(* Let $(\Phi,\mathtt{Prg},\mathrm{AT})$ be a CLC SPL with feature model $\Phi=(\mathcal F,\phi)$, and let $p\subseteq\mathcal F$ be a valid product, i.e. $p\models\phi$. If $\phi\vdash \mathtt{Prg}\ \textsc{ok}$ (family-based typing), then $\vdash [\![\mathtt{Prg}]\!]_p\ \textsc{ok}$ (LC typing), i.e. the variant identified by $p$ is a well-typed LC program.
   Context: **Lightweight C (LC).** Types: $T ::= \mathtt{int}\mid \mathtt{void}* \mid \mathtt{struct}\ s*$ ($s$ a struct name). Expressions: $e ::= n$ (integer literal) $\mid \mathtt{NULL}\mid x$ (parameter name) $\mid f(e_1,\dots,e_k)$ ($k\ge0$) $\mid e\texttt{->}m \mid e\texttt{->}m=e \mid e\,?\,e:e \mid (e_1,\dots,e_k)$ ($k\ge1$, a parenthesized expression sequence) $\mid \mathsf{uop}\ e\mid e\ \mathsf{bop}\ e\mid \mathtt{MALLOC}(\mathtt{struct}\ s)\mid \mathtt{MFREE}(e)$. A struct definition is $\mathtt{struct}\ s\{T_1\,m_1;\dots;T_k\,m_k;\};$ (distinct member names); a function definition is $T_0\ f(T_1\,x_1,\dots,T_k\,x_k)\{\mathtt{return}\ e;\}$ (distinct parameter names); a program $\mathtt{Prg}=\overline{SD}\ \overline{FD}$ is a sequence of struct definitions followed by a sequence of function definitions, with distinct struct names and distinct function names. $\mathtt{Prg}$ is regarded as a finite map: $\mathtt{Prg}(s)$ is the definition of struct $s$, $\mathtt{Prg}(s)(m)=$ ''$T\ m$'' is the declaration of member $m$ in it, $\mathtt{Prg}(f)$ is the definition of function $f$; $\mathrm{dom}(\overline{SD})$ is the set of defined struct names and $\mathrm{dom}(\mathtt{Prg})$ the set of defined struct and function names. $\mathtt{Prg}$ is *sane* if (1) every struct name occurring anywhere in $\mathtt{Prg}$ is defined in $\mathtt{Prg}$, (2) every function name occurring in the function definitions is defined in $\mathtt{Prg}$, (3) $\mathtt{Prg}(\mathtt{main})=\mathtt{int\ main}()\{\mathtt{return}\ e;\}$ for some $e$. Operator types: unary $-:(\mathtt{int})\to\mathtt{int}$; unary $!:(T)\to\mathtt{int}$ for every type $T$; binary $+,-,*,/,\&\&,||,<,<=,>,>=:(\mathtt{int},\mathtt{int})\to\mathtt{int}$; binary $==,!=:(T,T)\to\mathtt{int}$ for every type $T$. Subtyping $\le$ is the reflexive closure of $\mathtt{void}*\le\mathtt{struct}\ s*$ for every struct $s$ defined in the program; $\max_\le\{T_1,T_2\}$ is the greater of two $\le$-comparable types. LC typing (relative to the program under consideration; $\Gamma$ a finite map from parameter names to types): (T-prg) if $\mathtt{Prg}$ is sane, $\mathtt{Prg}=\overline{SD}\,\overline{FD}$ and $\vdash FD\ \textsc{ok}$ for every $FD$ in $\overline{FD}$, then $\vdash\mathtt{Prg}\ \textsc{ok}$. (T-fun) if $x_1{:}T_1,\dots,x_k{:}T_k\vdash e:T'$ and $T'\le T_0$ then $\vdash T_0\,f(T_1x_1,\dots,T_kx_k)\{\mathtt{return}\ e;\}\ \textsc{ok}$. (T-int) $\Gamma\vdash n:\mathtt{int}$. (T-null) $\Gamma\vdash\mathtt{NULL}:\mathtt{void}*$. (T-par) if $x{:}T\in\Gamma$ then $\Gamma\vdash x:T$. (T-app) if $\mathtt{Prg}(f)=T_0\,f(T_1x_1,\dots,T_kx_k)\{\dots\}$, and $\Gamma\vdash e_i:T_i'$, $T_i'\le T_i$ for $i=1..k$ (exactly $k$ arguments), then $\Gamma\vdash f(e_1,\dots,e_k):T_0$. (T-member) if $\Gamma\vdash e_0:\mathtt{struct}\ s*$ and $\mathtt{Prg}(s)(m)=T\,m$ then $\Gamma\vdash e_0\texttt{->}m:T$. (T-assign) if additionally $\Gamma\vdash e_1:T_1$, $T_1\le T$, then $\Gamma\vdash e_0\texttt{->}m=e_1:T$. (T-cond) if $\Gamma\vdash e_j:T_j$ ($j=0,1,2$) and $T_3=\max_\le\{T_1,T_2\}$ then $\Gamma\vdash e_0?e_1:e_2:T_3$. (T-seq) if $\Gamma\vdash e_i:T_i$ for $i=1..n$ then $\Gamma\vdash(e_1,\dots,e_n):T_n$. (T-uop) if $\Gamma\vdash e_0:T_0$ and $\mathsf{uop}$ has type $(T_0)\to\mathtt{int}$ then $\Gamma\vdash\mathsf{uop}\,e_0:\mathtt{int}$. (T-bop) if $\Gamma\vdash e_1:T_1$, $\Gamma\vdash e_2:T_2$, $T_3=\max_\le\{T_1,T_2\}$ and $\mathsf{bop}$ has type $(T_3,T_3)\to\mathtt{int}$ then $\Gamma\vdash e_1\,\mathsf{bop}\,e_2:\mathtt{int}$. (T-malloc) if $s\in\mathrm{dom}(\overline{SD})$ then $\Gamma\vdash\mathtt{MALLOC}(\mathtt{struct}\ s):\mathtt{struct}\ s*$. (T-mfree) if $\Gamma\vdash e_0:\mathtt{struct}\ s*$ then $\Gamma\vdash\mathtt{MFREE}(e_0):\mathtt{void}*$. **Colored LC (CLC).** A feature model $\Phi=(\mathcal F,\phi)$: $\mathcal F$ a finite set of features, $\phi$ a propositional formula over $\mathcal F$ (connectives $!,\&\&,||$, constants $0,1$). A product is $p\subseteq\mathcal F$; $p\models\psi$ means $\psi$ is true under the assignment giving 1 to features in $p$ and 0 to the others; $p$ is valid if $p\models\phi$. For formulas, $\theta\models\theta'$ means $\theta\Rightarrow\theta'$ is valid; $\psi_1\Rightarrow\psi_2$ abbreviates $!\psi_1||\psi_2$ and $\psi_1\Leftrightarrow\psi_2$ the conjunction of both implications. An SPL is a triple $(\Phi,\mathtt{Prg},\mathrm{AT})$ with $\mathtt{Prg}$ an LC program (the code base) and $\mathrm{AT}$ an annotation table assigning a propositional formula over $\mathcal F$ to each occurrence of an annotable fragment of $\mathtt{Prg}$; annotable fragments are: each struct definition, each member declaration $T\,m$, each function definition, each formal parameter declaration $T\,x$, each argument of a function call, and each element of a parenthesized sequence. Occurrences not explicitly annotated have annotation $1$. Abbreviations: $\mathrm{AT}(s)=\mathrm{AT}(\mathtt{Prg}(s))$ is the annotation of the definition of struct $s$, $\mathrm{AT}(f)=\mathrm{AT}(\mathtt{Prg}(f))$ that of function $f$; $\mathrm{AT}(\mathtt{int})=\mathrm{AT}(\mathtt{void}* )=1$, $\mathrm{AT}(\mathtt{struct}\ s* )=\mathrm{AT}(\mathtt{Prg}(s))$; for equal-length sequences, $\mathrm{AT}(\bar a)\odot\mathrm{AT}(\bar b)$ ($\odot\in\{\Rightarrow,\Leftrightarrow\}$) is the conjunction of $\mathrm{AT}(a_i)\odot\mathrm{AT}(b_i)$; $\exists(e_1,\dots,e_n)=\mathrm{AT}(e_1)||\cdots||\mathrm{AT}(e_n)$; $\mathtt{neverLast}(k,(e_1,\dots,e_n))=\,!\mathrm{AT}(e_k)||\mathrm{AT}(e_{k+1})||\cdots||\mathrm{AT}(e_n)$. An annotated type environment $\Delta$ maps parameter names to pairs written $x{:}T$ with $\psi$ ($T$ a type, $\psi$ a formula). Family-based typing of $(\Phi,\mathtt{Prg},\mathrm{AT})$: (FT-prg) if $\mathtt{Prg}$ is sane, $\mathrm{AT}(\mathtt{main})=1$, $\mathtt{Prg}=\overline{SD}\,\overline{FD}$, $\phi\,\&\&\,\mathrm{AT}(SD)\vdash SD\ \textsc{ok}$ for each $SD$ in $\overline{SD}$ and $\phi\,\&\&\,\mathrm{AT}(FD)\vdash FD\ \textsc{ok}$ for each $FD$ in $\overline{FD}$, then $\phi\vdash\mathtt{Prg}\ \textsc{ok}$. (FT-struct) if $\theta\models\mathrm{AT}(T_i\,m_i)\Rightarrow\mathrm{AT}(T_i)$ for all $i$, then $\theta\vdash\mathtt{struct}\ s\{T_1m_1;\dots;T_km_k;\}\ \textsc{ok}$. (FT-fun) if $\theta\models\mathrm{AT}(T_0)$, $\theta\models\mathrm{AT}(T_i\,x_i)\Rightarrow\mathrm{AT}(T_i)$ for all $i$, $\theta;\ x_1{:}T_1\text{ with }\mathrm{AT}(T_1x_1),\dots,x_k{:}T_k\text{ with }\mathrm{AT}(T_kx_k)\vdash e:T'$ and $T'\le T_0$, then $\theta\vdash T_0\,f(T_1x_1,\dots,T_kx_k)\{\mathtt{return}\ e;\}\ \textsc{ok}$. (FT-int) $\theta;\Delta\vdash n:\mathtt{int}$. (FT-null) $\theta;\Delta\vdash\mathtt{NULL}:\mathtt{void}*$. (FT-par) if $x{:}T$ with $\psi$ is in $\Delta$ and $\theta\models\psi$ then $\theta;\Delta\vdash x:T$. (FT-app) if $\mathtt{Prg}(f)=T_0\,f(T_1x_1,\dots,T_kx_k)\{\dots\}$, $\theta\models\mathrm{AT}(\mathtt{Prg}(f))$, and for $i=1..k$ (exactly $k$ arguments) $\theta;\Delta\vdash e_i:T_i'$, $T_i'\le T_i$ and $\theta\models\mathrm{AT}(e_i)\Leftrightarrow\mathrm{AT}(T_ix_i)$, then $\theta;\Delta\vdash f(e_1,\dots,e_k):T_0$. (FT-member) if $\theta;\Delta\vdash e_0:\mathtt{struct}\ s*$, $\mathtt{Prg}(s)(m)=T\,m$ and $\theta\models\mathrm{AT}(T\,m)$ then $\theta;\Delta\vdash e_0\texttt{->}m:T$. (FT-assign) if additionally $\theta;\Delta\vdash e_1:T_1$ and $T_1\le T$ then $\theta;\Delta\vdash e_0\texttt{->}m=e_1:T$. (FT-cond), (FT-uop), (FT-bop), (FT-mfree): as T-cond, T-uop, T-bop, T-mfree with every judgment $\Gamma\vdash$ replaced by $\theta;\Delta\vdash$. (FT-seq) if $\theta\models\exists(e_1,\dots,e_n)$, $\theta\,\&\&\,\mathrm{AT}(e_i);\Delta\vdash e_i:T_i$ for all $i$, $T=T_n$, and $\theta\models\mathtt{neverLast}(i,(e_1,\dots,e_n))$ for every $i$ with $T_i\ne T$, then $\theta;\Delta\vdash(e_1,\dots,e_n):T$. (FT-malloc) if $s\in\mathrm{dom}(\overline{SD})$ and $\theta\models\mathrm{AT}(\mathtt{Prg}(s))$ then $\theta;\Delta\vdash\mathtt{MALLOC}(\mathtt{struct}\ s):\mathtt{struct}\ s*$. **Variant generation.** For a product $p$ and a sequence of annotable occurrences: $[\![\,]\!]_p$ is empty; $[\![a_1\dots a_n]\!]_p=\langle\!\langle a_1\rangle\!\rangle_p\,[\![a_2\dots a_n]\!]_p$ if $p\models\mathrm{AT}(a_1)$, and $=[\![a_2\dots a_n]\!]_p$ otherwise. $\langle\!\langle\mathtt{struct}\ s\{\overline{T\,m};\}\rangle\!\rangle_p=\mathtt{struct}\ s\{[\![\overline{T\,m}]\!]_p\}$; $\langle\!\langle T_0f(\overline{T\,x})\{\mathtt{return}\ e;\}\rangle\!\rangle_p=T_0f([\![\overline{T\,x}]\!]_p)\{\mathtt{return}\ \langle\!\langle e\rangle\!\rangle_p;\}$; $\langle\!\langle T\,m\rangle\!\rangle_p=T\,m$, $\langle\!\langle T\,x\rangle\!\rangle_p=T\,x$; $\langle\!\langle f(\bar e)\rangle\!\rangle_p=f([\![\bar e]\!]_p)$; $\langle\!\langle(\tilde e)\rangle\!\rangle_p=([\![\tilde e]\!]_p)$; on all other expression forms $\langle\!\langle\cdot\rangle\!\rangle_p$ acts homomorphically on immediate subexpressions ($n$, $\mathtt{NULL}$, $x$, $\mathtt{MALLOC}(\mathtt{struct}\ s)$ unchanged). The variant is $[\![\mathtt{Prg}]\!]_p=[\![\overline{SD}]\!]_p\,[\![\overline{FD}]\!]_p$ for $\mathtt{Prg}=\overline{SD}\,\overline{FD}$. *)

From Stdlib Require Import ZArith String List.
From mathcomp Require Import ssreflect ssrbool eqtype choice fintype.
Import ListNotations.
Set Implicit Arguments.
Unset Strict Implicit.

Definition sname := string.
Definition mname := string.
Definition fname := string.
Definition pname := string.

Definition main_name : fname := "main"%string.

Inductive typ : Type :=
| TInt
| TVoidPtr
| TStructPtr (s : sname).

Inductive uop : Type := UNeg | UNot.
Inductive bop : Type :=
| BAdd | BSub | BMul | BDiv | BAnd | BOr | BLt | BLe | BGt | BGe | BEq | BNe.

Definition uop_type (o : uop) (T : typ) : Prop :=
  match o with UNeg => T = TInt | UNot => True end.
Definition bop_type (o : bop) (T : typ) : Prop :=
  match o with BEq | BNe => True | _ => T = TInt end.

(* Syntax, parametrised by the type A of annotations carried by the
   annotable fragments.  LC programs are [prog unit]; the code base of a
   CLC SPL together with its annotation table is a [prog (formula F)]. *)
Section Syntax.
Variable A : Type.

##############################

Find every line in the records that uses the string "Require", then copy it.

▶ Your solution:
From Stdlib Require Import ZArith String List.
From mathcomp Require Import ssreflect ssrbool eqtype choice fintype.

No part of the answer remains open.